Crown prosecutor Ella Palsenbarg, acting for the Ministry of Business, Innovation and Employment (MBIE), sought a starting point of nine to 12 months’ prison on the two charges, to which he earlier pleaded guilty.
In light of his extensive criminal history, including more than 70 convictions for dishonesty and 30 for breaching his obligations as a bankrupt, the fact he submitted the forms using an alias spoke for itself, Palsenbarg said.
“Six months is much too low,” she said.
Judge Thomas said the defendant’s offending meant the Companies Office was not immediately aware of who was behind the companies he was trying to register.
There is a high public interest in ensuring the Companies Office and the marketplace have integrity, he said.
“If it doesn’t have integrity it undermines public confidence in the market,” Judge Thomas said.
“In short, it affects the ability of our economy to function in a credible way.
“There is a high public interest in protecting the market from you.”
He sentenced Branson-Marsters to seven months in prison on each of the charges, to be served concurrently.
Life of lies
An investigation by MBIE estimated the total losses caused by Branson-Marsters’ dishonesty offending, personal bankruptcies and mismanagement of companies to be in excess of $2.1 million.
The High Court judge who approved the 15-year ban sought by the Companies Office said his actions put him in the most serious category of cases,
In the most recent chapter of his chequered business history spanning decades, Branson-Marsters was prosecuted by MBIE for filing false statements when registering two companies.
An MBIE summary of facts said he registered one company, H & D Property, using the address of a downtown Auckland apartment in which he had never lived.
He also used a false name, David Harding, to register another company, Qualifund.
Branson-Marsters, now in his 60s, was charged with breaches of the Companies Act in December 2021.
A few months later, the Registrar of Companies applied to the High Court at Auckland for an order banning him from directing, promoting or managing a company.
In his judgment delivered June 14, Justice Geoffrey Venning said the Registrar sought a 15-year ban, which was not opposed by Branson-Marsters’ lawyer, Peter Tomlinson.
Venning’s judgment and previous court documents obtained by the Herald shed light on Branson-Marsters’ extensive criminal history.
A senior MBIE investigator, Bryce Rayner, estimates the total losses caused by Branson-Marsters’ dishonesty offending, personal bankruptcies and mismanagement of companies to be more than $2.1 million.
His 119 convictions include 74 for dishonesty, spanning burglary, dishonestly using documents and obtaining by deception.
Over the years he has also been convicted of 30 offences for breaching his obligations as a bankrupt person.
He has legally changed his name several times.
Born David Lawrence Monk, he has legally changed his name three times, to David Lawrence Marsters, Michael Aguilera and most recently Lawrence Alexander David Branson-Marsters.

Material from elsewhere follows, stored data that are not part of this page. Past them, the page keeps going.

(* In the standing setting, if a robust $\boldsymbol b$-flow exists, then there exists an optimal robust $\boldsymbol b$-flow $\boldsymbol f=(f^1,f^2)$ with $c(\boldsymbol f)=\max\{c(f^1),c(f^2)\}=c(f^2)$.
   Context: A RobMCF instance $(G,u,c,\boldsymbol b)$ consists of a finite directed graph (parallel arcs allowed) $G=(V,A)$ whose arc set is partitioned as $A=A^{\mathrm{fix}}\cup A^{\mathrm{free}}$ into fixed and free arcs, capacities $u:A\to\mathbb Z_{\ge0}$, costs $c:A\to\mathbb Z_{\ge0}$, a finite nonempty set of scenarios $\Lambda$, and balances $b^\lambda:V\to\mathbb Z$ with $\sum_{v}b^\lambda(v)=0$. A $b^\lambda$-flow is a function $f^\lambda:A\to\mathbb Z_{\ge0}$ with $f^\lambda(a)\le u(a)$ for all $a$ and $\sum_{a=(v,w)\in A}f^\lambda(a)-\sum_{a=(w,v)\in A}f^\lambda(a)=b^\lambda(v)$ for all $v\in V$; its cost is $c(f^\lambda)=\sum_a c(a)f^\lambda(a)$. A robust $\boldsymbol b$-flow is a tuple $(f^\lambda)_{\lambda\in\Lambda}$ of $b^\lambda$-flows with $f^\lambda(a)=f^{\lambda'}(a)$ for all $a\in A^{\mathrm{fix}}$, $\lambda,\lambda'\in\Lambda$; its cost is $\max_\lambda c(f^\lambda)$; it is optimal if of minimum cost. Series-parallel (SP) digraphs are defined recursively: a single arc $(o,q)$ is an SP digraph with origin $o$ and target $q$; if $G_1$ (origin $o_1$, target $q_1$) and $G_2$ (origin $o_2$, target $q_2$) are SP digraphs, then their series composition (identify $q_1$ with $o_2$; origin $o_1$, target $q_2$) and their parallel composition (identify $o_1$ with $o_2$ to form the origin and $q_1$ with $q_2$ to form the target) are SP digraphs. Standing setting: $G$ is an SP digraph with origin $o$ and target $q$, $\Lambda=\{1,2\}$, and there are integers $0\le d^1\le d^2$ with $b^\lambda(o)=d^\lambda$, $b^\lambda(q)=-d^\lambda$ and $b^\lambda(v)=0$ for all other $v$ (unique source $o$, unique sink $q$). *)

From mathcomp Require Import all_boot all_order all_algebra.
Set Implicit Arguments. Unset Strict Implicit. Unset Printing Implicit Defensive.
Import GRing.Theory Num.Theory.

(* A digraph is given by its arc list E : seq (nat * nat); arc i (i < size E)
   goes from tail (nth (0,0) E i).1 to head (nth (0,0) E i).2.  Vertices are
   natural numbers; the vertex set is the set of arc endpoints. *)

Definition tl (E : seq (nat * nat)) (i : nat) : nat := (nth (0,0) E i).1.
Definition hd (E : seq (nat * nat)) (i : nat) : nat := (nth (0,0) E i).2.

Definition verts (E : seq (nat * nat)) : seq nat :=
  [seq p.1 | p <- E] ++ [seq p.2 | p <- E].

Inductive SP : seq (nat * nat) -> nat -> nat -> Prop :=
| SP_arc o q : o != q -> SP [:: (o, q)] o q
| SP_series E1 E2 o1 q1 q2 :
    SP E1 o1 q1 -> SP E2 q1 q2 ->
    (forall v, v \in verts E1 -> v \in verts E2 -> v = q1) ->
    SP (E1 ++ E2) o1 q2
| SP_parallel E1 E2 o q :
    SP E1 o q -> SP E2 o q ->
    (forall v, v \in verts E1 -> v \in verts E2 -> v = o \/ v = q) ->
    SP (E1 ++ E2) o q.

In June 2001, the Inland Revenue Department launched an investigation into his affairs.
But shortly after his initial interview, he jetted off to the United States.
Three years later he was deported back to New Zealand after an investigation by US officials into false statements he had made to them. Preparations for extradition proceedings were under way when he was deported.
On April 8, 2005, he pleaded guilty to 48 counts of using a document with intent to defraud relating to filing fraudulent GST returns.
His GST fraud netted hundreds of thousands of dollars of ill-gotten gains.
Following a prison term for those crimes he was back before the courts a few years later, receiving a sentence of community detention for obtaining by deception and dishonestly using a document.
As a result, he was slapped with an automatic five-year ban from directing a company.
Then in 2015 he was convicted and sentenced for a spate of dishonesty offences over three years.
His crimes included roping a neighbour into directing a company in which he had convinced the neighbour to invest, violating his ban, as well as a charge of causing loss by deception.
For these frauds he was convicted and sentenced to five years imprisonment, receiving a further five-year Companies Act ban.
In considering this year the accused man’s latest ban from being a company director, Justice Venning said the court can make an order longer than 10 years, or permanent, only in the most serious of cases.
Branson-Marsters’ ban will lapse when he is 75 or by further order of the court.
MBIE integrity and enforcement manager Vanessa Cook said his 15-year prohibition is the second longest handed down by the High Court to date.
Only three people have now been prohibited for longer than 10 years under Section 383 of the Companies Act.
The others are David Blake (aka David Colin Hughey and David Morgan-Blake) and Lance Jack Ryan (aka Michael Darren Gibbs and Lance Jared Thomson).
Blake was prohibited for 12 years from April 3, 2019. Ryan was prohibited on the same day and was permanently banned.